Lemma X_gap_bounds K : (1 <= K)%N ->
  0 <= Gap (ybar K) X F /\
  Gap (ybar K) X F
    <= (gamma^-1 * eta 0%N * DX2 X
        + CH X H * Num.sqrt 2 * DX X * (\sum_(j < K) eta j ^+ 2 * theta j))
       / (\sum_(j < K) eta j * theta j).
Proof.
case: K => [//|K] _; split; first exact: Gap_ge0 (ybar_in_X _) (X_residual_le ^~ K).
exact: sup_image_le X0 (X_residual_le ^~ K).
Qed.

Lemma ybar_cvg_bilevel_SOL :
  (fun k => \sum_(j < k.+1) eta j * theta j) @ \oo --> +oo ->
  (fun k => (\sum_(j < k.+1) eta j ^+ 2 * theta j) / (\sum_(j < k.+1) eta j * theta j))
    @ \oo --> 0 ->
  exists xs, SOL (SOL X F) H = [set xs] /\ (fun k => enorm (ybar k - xs)) @ \oo --> 0.
Proof.
move=> S_cvgy QS_cvg0.
have [xs [S_xs cvg_xs]] := bilevel_limit clX cX bX LipF monF LipH smH muH_gt0
  (fun k => ybar_in_X k.+1) (fun k z => X_residual_le z k) (fun k z => SOL_residual_le z k)
  (cvg0_affine_divy S_cvgy _ _ _ QS_cvg0) (cvg0_divy S_cvgy _).
by exists xs; split => //; rewrite -cvg_shiftS.
Qed.

End BilevelExtragradient.

Theorem theorem4p4 (R : realType) (n : nat) (X : set 'rV[R]_n)
  (F H : 'rV[R]_n -> 'rV[R]_n) (LF LH muH gamma : R) (eta : nat -> R)
  (P : 'rV[R]_n -> 'rV[R]_n)
  (x y ybar : nat -> 'rV[R]_n) (Gamma theta : nat -> R) :
  X !=set0 -> topology_structure.closed X -> vi_convex_set X -> vi_bounded_set X ->
  vi_lipschitz_on X F LF -> vi_monotone_on X F ->
  vi_lipschitz_on X H LH -> 0 < muH -> vi_strongly_monotone_on X H muH ->
  SOL X F !=set0 ->
  0 < gamma ->
  (forall k, 0 < eta k) -> (forall k, eta k.+1 <= eta k) ->
  (forall k, gamma ^+ 2 * LF ^+ 2 + gamma * eta k * muH
             + gamma ^+ 2 * eta k ^+ 2 * LH ^+ 2 <= 1 / 2) ->
  (forall z, is_proj X z (P z)) ->
  X (x 0%N) -> X (ybar 0%N) -> Gamma 0%N = 0 ->
  theta 0%N = 1 / (1 - gamma * eta 0%N * muH) ->
  (forall k, y k.+1 = P (x k - gamma *: (F (x k) + eta k *: H (x k)))) ->
  (forall k, x k.+1 = P (x k - gamma *: (F (y k.+1) + eta k *: H (y k.+1)))) ->
  (forall k, Gamma k.+1 = Gamma k + eta k * theta k) ->
  (forall k, ybar k.+1 =
     (Gamma k.+1)^-1 *: (Gamma k *: ybar k + (eta k * theta k) *: y k.+1)) ->
  (forall k, theta k.+1 = theta k / (1 - gamma * eta k.+1 * muH)) ->
  (* (i) *)
  (forall K : nat, (1 <= K)%N ->
     - BH X F H * dist (ybar K) (SOL X F) <= Gap (ybar K) (SOL X F) H /\
     Gap (ybar K) (SOL X F) H
       <= gamma^-1 * DX2 X / (\sum_(j < K) eta j * theta j)) /\
  (* (ii) *)
  (forall K : nat, (1 <= K)%N ->
     0 <= Gap (ybar K) X F /\
     Gap (ybar K) X F
       <= (gamma^-1 * eta 0%N * DX2 X
           + CH X H * Num.sqrt 2 * DX X * (\sum_(j < K) eta j ^+ 2 * theta j))
          / (\sum_(j < K) eta j * theta j)) /\
  (* (iii) *)
  ((fun k => \sum_(j < k.+1) eta j * theta j) @ \oo --> +oo ->
   (fun k => (\sum_(j < k.+1) eta j ^+ 2 * theta j)
             / (\sum_(j < k.+1) eta j * theta j)) @ \oo --> (0 : R) ->
   exists xs : 'rV[R]_n,
     SOL (SOL X F) H = [set xs] /\
     (fun k => enorm (ybar k - xs)) @ \oo --> (0 : R)).
Proof.
move=> *; split; [|split].
- by apply: SOL_gap_bounds; eassumption.
- by apply: X_gap_bounds; eassumption.
- by apply: ybar_cvg_bilevel_SOL; eassumption.
Qed.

* Directions for this task
Whatever appears in the data above is to be set down exactly.

* Exercise response
Lemma X_gap_bounds K : (1 <= K)%N ->
  0 <= Gap (ybar K) X F /\
  Gap (ybar K) X F
    <= (gamma^-1 * eta 0%N * DX2 X
        + CH X H * Num.sqrt 2 * DX X * (\sum_(j < K) eta j ^+ 2 * theta j))
       / (\sum_(j < K) eta j * theta j).
Proof.
case: K => [//|K] _; split; first exact: Gap_ge0 (ybar_in_X _) (X_residual_le ^~ K).
exact: sup_image_le X0 (X_residual_le ^~ K).
Qed.

Lemma ybar_cvg_bilevel_SOL :
  (fun k => \sum_(j < k.+1) eta j * theta j) @ \oo --> +oo ->
  (fun k => (\sum_(j < k.+1) eta j ^+ 2 * theta j) / (\sum_(j < k.+1) eta j * theta j))
    @ \oo --> 0 ->
  exists xs, SOL (SOL X F) H = [set xs] /\ (fun k => enorm (ybar k - xs)) @ \oo --> 0.
Proof.
move=> S_cvgy QS_cvg0.
have [xs [S_xs cvg_xs]] := bilevel_limit clX cX bX LipF monF LipH smH muH_gt0
  (fun k => ybar_in_X k.+1) (fun k z => X_residual_le z k) (fun k z => SOL_residual_le z k)
  (cvg0_affine_divy S_cvgy _ _ _ QS_cvg0) (cvg0_divy S_cvgy _).
by exists xs; split => //; rewrite -cvg_shiftS.
Qed.

End BilevelExtragradient.

Theorem theorem4p4 (R : realType) (n : nat) (X : set 'rV[R]_n)
  (F H : 'rV[R]_n -> 'rV[R]_n) (LF LH muH gamma : R) (eta : nat -> R)
  (P : 'rV[R]_n -> 'rV[R]_n)
  (x y ybar : nat -> 'rV[R]_n) (Gamma theta : nat -> R) :
  X !=set0 -> topology_structure.closed X -> vi_convex_set X -> vi_bounded_set X ->
  vi_lipschitz_on X F LF -> vi_monotone_on X F ->
  vi_lipschitz_on X H LH -> 0 < muH -> vi_strongly_monotone_on X H muH ->
  SOL X F !=set0 ->
  0 < gamma ->
  (forall k, 0 < eta k) -> (forall k, eta k.+1 <= eta k) ->
  (forall k, gamma ^+ 2 * LF ^+ 2 + gamma * eta k * muH
             + gamma ^+ 2 * eta k ^+ 2 * LH ^+ 2 <= 1 / 2) ->
  (forall z, is_proj X z (P z)) ->
  X (x 0%N) -> X (ybar 0%N) -> Gamma 0%N = 0 ->
  theta 0%N = 1 / (1 - gamma * eta 0%N * muH) ->
  (forall k, y k.+1 = P (x k - gamma *: (F (x k) + eta k *: H (x k)))) ->
  (forall k, x k.+1 = P (x k - gamma *: (F (y k.+1) + eta k *: H (y k.+1)))) ->
  (forall k, Gamma k.+1 = Gamma k + eta k * theta k) ->
  (forall k, ybar k.+1 =
     (Gamma k.+1)^-1 *: (Gamma k *: ybar k + (eta k * theta k) *: y k.+1)) ->
  (forall k, theta k.+1 = theta k / (1 - gamma * eta k.+1 * muH)) ->
  (* (i) *)
  (forall K : nat, (1 <= K)%N ->
     - BH X F H * dist (ybar K) (SOL X F) <= Gap (ybar K) (SOL X F) H /\
     Gap (ybar K) (SOL X F) H
       <= gamma^-1 * DX2 X / (\sum_(j < K) eta j * theta j)) /\
  (* (ii) *)
  (forall K : nat, (1 <= K)%N ->
     0 <= Gap (ybar K) X F /\
     Gap (ybar K) X F
       <= (gamma^-1 * eta 0%N * DX2 X
           + CH X H * Num.sqrt 2 * DX X * (\sum_(j < K) eta j ^+ 2 * theta j))
          / (\sum_(j < K) eta j * theta j)) /\
  (* (iii) *)
  ((fun k => \sum_(j < k.+1) eta j * theta j) @ \oo --> +oo ->
   (fun k => (\sum_(j < k.+1) eta j ^+ 2 * theta j)
             / (\sum_(j < k.+1) eta j * theta j)) @ \oo --> (0 : R) ->
   exists xs : 'rV[R]_n,
     SOL (SOL X F) H = [set xs] /\
     (fun k => enorm (ybar k - xs)) @ \oo --> (0 : R)).
Proof.
move=> *; split; [|split].
- by apply: SOL_gap_bounds; eassumption.
- by apply: X_gap_bounds; eassumption.
- by apply: ybar_cvg_bilevel_SOL; eassumption.
Qed.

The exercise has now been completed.